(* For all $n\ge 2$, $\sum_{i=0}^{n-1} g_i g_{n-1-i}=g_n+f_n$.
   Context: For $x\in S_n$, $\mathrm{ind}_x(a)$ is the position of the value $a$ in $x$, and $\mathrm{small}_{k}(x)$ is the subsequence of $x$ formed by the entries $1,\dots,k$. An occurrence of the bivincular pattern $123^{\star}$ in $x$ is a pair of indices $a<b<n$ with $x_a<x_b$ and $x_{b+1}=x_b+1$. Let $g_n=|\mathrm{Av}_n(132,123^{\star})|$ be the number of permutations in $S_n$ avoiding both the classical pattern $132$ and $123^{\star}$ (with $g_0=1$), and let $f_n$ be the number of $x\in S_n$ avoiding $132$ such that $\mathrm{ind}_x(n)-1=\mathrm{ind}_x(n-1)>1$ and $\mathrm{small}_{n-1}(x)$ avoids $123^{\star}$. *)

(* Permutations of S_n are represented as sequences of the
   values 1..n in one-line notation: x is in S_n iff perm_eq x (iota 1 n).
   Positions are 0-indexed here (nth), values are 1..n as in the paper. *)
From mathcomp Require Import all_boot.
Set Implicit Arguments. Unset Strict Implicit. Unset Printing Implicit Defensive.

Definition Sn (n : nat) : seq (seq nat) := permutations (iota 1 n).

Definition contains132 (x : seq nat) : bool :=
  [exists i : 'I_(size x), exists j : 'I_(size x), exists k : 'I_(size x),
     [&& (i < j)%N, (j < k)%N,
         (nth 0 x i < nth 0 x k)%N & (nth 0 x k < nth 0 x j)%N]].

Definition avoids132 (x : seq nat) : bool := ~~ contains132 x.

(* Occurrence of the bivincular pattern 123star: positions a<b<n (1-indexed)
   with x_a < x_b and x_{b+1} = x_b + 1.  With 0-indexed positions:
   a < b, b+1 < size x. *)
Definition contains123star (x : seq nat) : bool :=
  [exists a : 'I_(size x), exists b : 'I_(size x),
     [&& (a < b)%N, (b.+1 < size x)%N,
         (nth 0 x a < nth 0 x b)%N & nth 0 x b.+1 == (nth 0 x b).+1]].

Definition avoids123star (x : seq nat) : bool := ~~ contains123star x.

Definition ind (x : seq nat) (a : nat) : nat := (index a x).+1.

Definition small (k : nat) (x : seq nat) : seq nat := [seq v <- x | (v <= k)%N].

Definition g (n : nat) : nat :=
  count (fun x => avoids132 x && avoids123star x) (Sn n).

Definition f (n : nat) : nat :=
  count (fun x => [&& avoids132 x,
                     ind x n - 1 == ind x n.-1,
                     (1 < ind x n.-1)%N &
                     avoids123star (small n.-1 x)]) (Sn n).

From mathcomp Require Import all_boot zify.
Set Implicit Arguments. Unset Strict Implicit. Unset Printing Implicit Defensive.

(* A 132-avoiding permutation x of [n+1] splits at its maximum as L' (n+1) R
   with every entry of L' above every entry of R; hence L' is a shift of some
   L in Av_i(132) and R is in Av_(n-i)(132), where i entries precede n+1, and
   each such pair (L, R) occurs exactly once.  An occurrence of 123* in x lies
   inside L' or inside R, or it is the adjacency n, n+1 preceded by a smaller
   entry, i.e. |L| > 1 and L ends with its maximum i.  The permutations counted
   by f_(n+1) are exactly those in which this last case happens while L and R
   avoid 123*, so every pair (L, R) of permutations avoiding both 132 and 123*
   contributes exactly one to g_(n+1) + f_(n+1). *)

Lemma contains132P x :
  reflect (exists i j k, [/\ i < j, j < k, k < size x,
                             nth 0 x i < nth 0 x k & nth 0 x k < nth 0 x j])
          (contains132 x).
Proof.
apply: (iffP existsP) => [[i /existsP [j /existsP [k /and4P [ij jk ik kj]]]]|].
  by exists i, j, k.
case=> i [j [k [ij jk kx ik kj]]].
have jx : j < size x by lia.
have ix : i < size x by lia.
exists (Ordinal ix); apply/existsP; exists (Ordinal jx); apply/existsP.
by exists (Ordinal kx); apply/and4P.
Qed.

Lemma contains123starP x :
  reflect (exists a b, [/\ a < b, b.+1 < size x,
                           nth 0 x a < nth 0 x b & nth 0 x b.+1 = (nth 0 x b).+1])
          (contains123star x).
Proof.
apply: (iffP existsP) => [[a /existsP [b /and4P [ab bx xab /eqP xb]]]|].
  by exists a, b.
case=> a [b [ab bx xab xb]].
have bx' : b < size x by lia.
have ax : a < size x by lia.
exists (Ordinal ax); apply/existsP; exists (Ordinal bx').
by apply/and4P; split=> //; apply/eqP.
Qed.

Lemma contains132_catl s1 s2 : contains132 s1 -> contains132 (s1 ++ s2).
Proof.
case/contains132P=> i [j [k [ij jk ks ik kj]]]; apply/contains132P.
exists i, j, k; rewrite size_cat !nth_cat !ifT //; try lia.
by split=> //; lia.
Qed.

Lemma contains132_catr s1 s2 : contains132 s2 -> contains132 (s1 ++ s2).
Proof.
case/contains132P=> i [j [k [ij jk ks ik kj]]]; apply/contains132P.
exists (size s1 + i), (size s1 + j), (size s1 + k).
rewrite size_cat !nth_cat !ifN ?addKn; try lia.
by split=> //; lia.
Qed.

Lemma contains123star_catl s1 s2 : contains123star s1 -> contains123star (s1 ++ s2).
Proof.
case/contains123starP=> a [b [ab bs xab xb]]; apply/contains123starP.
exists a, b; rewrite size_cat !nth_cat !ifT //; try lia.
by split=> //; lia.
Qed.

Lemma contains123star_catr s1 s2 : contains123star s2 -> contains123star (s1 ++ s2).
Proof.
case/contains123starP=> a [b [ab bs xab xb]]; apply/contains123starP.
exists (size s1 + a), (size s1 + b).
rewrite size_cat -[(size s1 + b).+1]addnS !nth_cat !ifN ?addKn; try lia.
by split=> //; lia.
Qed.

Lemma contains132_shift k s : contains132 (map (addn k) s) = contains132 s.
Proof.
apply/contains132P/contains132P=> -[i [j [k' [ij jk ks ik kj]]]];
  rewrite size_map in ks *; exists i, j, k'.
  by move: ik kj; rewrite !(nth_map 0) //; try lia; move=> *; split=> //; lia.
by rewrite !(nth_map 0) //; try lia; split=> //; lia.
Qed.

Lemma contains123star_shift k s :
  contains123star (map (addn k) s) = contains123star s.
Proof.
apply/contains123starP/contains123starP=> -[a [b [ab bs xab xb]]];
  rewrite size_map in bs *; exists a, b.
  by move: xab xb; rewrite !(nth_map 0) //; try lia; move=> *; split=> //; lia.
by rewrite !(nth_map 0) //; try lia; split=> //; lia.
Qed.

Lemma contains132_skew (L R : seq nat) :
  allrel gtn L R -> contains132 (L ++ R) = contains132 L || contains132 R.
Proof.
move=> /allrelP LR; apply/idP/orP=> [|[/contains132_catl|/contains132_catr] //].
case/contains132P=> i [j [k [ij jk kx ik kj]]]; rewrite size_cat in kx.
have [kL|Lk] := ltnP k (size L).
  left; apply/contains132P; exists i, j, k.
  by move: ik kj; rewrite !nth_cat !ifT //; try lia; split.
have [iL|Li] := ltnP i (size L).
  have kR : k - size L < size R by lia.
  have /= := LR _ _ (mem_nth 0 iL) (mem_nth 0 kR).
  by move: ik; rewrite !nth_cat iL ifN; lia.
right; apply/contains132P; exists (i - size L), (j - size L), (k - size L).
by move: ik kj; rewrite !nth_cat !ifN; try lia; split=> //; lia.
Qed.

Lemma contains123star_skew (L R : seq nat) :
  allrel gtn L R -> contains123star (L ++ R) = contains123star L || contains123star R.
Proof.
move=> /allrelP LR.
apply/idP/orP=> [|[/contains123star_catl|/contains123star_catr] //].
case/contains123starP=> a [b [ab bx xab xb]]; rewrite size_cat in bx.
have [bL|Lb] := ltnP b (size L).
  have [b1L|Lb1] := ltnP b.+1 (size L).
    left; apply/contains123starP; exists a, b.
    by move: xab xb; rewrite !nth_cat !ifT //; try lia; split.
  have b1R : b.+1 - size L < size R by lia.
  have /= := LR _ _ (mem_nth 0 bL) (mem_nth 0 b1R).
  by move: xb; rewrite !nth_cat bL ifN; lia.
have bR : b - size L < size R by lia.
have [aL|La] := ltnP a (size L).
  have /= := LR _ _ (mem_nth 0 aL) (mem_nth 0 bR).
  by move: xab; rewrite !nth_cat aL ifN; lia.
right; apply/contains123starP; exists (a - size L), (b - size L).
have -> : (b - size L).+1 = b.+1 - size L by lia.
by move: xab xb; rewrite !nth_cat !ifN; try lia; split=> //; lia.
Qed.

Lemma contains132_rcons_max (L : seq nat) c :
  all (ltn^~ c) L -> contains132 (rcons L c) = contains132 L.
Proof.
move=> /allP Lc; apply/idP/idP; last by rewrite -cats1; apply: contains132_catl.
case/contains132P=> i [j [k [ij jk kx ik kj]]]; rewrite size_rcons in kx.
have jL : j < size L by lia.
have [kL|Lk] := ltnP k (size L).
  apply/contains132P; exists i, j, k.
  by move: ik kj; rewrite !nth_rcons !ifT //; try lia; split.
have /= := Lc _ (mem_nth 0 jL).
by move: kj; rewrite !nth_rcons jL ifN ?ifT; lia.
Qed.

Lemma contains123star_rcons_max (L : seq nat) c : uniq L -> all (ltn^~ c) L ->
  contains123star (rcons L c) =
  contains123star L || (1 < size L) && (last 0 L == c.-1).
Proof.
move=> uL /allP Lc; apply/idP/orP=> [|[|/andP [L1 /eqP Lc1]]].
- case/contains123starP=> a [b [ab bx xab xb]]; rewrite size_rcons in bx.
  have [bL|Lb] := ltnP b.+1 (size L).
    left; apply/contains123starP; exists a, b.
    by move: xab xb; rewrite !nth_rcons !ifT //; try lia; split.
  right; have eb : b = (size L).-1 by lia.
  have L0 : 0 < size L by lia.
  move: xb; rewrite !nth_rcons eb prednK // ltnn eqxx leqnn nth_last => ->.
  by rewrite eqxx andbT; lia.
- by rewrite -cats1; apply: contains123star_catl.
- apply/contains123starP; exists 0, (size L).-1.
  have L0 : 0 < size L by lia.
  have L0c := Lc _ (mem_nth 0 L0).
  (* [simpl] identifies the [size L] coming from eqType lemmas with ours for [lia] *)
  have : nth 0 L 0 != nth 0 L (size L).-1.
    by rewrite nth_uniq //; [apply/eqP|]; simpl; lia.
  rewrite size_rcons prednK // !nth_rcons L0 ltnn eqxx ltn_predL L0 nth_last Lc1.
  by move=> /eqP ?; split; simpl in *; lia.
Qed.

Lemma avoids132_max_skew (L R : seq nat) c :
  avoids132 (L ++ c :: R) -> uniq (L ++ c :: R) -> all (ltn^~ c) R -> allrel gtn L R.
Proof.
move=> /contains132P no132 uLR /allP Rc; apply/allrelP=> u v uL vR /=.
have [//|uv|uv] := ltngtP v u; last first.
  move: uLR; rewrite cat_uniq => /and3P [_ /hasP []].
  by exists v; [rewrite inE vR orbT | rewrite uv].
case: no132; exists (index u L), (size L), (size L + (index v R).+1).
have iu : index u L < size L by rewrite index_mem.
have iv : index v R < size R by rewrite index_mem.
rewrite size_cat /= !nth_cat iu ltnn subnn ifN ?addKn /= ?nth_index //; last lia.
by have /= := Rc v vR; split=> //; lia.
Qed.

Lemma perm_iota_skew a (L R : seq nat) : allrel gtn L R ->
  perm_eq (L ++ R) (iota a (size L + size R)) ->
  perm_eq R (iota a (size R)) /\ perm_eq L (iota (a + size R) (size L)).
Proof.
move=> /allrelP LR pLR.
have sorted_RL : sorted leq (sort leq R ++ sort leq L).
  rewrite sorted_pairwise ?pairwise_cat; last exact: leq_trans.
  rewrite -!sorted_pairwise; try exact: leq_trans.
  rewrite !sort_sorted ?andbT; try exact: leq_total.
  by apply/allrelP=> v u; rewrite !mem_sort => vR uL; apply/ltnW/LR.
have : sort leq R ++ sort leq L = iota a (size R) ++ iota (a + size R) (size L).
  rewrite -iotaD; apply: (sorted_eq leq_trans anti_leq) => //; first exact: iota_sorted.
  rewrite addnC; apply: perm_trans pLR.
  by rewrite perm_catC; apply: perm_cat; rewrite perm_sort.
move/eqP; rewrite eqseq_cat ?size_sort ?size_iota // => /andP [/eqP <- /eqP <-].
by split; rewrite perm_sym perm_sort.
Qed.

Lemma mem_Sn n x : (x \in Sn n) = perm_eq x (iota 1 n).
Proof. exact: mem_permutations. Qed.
..............................
EXERCISE AIM ▸ Go to the line in the material above that contains "Definition ind (x" and copy exactly from there through the line that contains "Lemma contains132P x", stopping after it.

RESPONSE TO THE EXERCISE ▸
Definition ind (x : seq nat) (a : nat) : nat := (index a x).+1.

Definition small (k : nat) (x : seq nat) : seq nat := [seq v <- x | (v <= k)%N].

Definition g (n : nat) : nat :=
  count (fun x => avoids132 x && avoids123star x) (Sn n).

Definition f (n : nat) : nat :=
  count (fun x => [&& avoids132 x,
                     ind x n - 1 == ind x n.-1,
                     (1 < ind x n.-1)%N &
                     avoids123star (small n.-1 x)]) (Sn n).

From mathcomp Require Import all_boot zify.
Set Implicit Arguments. Unset Strict Implicit. Unset Printing Implicit Defensive.

(* A 132-avoiding permutation x of [n+1] splits at its maximum as L' (n+1) R
   with every entry of L' above every entry of R; hence L' is a shift of some
   L in Av_i(132) and R is in Av_(n-i)(132), where i entries precede n+1, and
   each such pair (L, R) occurs exactly once.  An occurrence of 123* in x lies
   inside L' or inside R, or it is the adjacency n, n+1 preceded by a smaller
   entry, i.e. |L| > 1 and L ends with its maximum i.  The permutations counted
   by f_(n+1) are exactly those in which this last case happens while L and R
   avoid 123*, so every pair (L, R) of permutations avoiding both 132 and 123*
   contributes exactly one to g_(n+1) + f_(n+1). *)

Lemma contains132P x :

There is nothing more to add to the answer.